Exercise requirements:
Could you return the listing below exactly, with every line intact?
-- Opening Marker --
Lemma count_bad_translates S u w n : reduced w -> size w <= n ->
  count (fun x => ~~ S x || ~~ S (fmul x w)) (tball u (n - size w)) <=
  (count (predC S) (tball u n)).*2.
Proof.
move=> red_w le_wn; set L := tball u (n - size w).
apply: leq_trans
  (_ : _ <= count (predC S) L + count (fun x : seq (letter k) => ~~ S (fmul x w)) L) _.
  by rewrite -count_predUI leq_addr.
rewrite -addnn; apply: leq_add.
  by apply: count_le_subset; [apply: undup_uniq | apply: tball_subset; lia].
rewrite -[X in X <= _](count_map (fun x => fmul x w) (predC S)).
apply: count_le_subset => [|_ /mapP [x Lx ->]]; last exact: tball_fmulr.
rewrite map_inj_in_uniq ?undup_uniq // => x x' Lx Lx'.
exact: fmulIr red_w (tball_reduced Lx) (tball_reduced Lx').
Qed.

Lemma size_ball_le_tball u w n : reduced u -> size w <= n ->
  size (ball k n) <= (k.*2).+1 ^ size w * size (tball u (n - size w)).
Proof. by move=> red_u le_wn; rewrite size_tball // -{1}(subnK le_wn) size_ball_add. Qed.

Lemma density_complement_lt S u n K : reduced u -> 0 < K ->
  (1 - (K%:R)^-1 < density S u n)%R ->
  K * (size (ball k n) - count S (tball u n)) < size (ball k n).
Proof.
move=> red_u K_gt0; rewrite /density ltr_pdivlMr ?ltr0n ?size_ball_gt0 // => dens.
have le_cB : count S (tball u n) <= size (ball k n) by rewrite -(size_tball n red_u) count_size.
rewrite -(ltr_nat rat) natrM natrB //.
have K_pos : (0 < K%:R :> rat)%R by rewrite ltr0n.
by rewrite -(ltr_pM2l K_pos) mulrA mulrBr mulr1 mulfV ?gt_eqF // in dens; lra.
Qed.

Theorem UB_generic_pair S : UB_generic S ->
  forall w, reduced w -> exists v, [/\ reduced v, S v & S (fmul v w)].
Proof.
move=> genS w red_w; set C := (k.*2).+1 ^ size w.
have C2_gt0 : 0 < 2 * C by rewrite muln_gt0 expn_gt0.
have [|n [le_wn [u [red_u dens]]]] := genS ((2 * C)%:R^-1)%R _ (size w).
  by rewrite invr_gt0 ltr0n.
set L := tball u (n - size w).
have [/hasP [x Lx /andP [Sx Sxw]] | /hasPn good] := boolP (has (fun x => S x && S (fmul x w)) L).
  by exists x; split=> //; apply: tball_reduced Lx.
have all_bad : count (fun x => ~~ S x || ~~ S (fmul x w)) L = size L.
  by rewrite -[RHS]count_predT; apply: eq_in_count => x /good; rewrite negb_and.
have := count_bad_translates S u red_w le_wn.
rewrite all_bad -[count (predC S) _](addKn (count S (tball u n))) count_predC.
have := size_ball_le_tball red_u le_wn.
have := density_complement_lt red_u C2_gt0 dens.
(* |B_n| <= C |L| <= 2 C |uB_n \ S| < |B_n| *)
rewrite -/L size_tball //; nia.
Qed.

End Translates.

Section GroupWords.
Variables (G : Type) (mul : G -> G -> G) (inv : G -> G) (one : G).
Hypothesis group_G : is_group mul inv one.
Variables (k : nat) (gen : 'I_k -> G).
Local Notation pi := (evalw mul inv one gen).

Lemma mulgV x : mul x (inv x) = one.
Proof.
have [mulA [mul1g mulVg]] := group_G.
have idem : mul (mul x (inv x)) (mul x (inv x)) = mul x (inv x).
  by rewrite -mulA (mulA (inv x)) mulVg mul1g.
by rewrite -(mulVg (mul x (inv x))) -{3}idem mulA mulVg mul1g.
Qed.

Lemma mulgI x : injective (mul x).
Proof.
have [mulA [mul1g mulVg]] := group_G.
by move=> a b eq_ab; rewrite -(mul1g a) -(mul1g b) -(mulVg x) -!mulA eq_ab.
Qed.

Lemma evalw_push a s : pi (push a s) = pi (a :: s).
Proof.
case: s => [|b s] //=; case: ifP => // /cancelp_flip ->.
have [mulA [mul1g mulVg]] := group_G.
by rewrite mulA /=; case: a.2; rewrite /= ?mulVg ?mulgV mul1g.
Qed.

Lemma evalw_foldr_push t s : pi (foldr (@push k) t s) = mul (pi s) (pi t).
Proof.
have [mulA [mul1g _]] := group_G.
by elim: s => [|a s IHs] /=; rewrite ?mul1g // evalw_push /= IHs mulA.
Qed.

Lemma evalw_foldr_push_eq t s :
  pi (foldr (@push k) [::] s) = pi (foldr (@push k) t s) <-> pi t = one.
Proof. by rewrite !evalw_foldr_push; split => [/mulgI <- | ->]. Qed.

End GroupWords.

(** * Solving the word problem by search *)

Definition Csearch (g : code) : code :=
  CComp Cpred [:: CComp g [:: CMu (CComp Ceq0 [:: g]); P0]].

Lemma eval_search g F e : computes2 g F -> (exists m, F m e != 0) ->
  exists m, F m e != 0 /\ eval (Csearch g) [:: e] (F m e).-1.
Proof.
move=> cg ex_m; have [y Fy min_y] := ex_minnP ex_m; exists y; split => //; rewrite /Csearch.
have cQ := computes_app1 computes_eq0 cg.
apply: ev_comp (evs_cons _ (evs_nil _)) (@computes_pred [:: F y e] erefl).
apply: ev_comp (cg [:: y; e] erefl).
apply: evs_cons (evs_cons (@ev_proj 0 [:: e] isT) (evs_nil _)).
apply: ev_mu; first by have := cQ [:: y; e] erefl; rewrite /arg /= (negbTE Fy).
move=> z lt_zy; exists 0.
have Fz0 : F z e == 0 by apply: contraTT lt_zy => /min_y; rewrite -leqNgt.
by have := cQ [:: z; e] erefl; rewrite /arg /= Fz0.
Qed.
-- Closing Marker --
Reply to the task:
Lemma count_bad_translates S u w n : reduced w -> size w <= n ->
  count (fun x => ~~ S x || ~~ S (fmul x w)) (tball u (n - size w)) <=
  (count (predC S) (tball u n)).*2.
Proof.
move=> red_w le_wn; set L := tball u (n - size w).
apply: leq_trans
  (_ : _ <= count (predC S) L + count (fun x : seq (letter k) => ~~ S (fmul x w)) L) _.
  by rewrite -count_predUI leq_addr.
rewrite -addnn; apply: leq_add.
  by apply: count_le_subset; [apply: undup_uniq | apply: tball_subset; lia].
rewrite -[X in X <= _](count_map (fun x => fmul x w) (predC S)).
apply: count_le_subset => [|_ /mapP [x Lx ->]]; last exact: tball_fmulr.
rewrite map_inj_in_uniq ?undup_uniq // => x x' Lx Lx'.
exact: fmulIr red_w (tball_reduced Lx) (tball_reduced Lx').
Qed.

Lemma size_ball_le_tball u w n : reduced u -> size w <= n ->
  size (ball k n) <= (k.*2).+1 ^ size w * size (tball u (n - size w)).
Proof. by move=> red_u le_wn; rewrite size_tball // -{1}(subnK le_wn) size_ball_add. Qed.

Lemma density_complement_lt S u n K : reduced u -> 0 < K ->
  (1 - (K%:R)^-1 < density S u n)%R ->
  K * (size (ball k n) - count S (tball u n)) < size (ball k n).
Proof.
move=> red_u K_gt0; rewrite /density ltr_pdivlMr ?ltr0n ?size_ball_gt0 // => dens.
have le_cB : count S (tball u n) <= size (ball k n) by rewrite -(size_tball n red_u) count_size.
rewrite -(ltr_nat rat) natrM natrB //.
have K_pos : (0 < K%:R :> rat)%R by rewrite ltr0n.
by rewrite -(ltr_pM2l K_pos) mulrA mulrBr mulr1 mulfV ?gt_eqF // in dens; lra.
Qed.

Theorem UB_generic_pair S : UB_generic S ->
  forall w, reduced w -> exists v, [/\ reduced v, S v & S (fmul v w)].
Proof.
move=> genS w red_w; set C := (k.*2).+1 ^ size w.
have C2_gt0 : 0 < 2 * C by rewrite muln_gt0 expn_gt0.
have [|n [le_wn [u [red_u dens]]]] := genS ((2 * C)%:R^-1)%R _ (size w).
  by rewrite invr_gt0 ltr0n.
set L := tball u (n - size w).
have [/hasP [x Lx /andP [Sx Sxw]] | /hasPn good] := boolP (has (fun x => S x && S (fmul x w)) L).
  by exists x; split=> //; apply: tball_reduced Lx.
have all_bad : count (fun x => ~~ S x || ~~ S (fmul x w)) L = size L.
  by rewrite -[RHS]count_predT; apply: eq_in_count => x /good; rewrite negb_and.
have := count_bad_translates S u red_w le_wn.
rewrite all_bad -[count (predC S) _](addKn (count S (tball u n))) count_predC.
have := size_ball_le_tball red_u le_wn.
have := density_complement_lt red_u C2_gt0 dens.
(* |B_n| <= C |L| <= 2 C |uB_n \ S| < |B_n| *)
rewrite -/L size_tball //; nia.
Qed.

End Translates.

Section GroupWords.
Variables (G : Type) (mul : G -> G -> G) (inv : G -> G) (one : G).
Hypothesis group_G : is_group mul inv one.
Variables (k : nat) (gen : 'I_k -> G).
Local Notation pi := (evalw mul inv one gen).

Lemma mulgV x : mul x (inv x) = one.
Proof.
have [mulA [mul1g mulVg]] := group_G.
have idem : mul (mul x (inv x)) (mul x (inv x)) = mul x (inv x).
  by rewrite -mulA (mulA (inv x)) mulVg mul1g.
by rewrite -(mulVg (mul x (inv x))) -{3}idem mulA mulVg mul1g.
Qed.

Lemma mulgI x : injective (mul x).
Proof.
have [mulA [mul1g mulVg]] := group_G.
by move=> a b eq_ab; rewrite -(mul1g a) -(mul1g b) -(mulVg x) -!mulA eq_ab.
Qed.

Lemma evalw_push a s : pi (push a s) = pi (a :: s).
Proof.
case: s => [|b s] //=; case: ifP => // /cancelp_flip ->.
have [mulA [mul1g mulVg]] := group_G.
by rewrite mulA /=; case: a.2; rewrite /= ?mulVg ?mulgV mul1g.
Qed.

Lemma evalw_foldr_push t s : pi (foldr (@push k) t s) = mul (pi s) (pi t).
Proof.
have [mulA [mul1g _]] := group_G.
by elim: s => [|a s IHs] /=; rewrite ?mul1g // evalw_push /= IHs mulA.
Qed.

Lemma evalw_foldr_push_eq t s :
  pi (foldr (@push k) [::] s) = pi (foldr (@push k) t s) <-> pi t = one.
Proof. by rewrite !evalw_foldr_push; split => [/mulgI <- | ->]. Qed.

End GroupWords.

(** * Solving the word problem by search *)

Definition Csearch (g : code) : code :=
  CComp Cpred [:: CComp g [:: CMu (CComp Ceq0 [:: g]); P0]].

Lemma eval_search g F e : computes2 g F -> (exists m, F m e != 0) ->
  exists m, F m e != 0 /\ eval (Csearch g) [:: e] (F m e).-1.
Proof.
move=> cg ex_m; have [y Fy min_y] := ex_minnP ex_m; exists y; split => //; rewrite /Csearch.
have cQ := computes_app1 computes_eq0 cg.
apply: ev_comp (evs_cons _ (evs_nil _)) (@computes_pred [:: F y e] erefl).
apply: ev_comp (cg [:: y; e] erefl).
apply: evs_cons (evs_cons (@ev_proj 0 [:: e] isT) (evs_nil _)).
apply: ev_mu; first by have := cQ [:: y; e] erefl; rewrite /arg /= (negbTE Fy).
move=> z lt_zy; exists 0.
have Fz0 : F z e == 0 by apply: contraTT lt_zy => /min_y; rewrite -leqNgt.
by have := cQ [:: z; e] erefl; rewrite /arg /= Fz0.
Qed.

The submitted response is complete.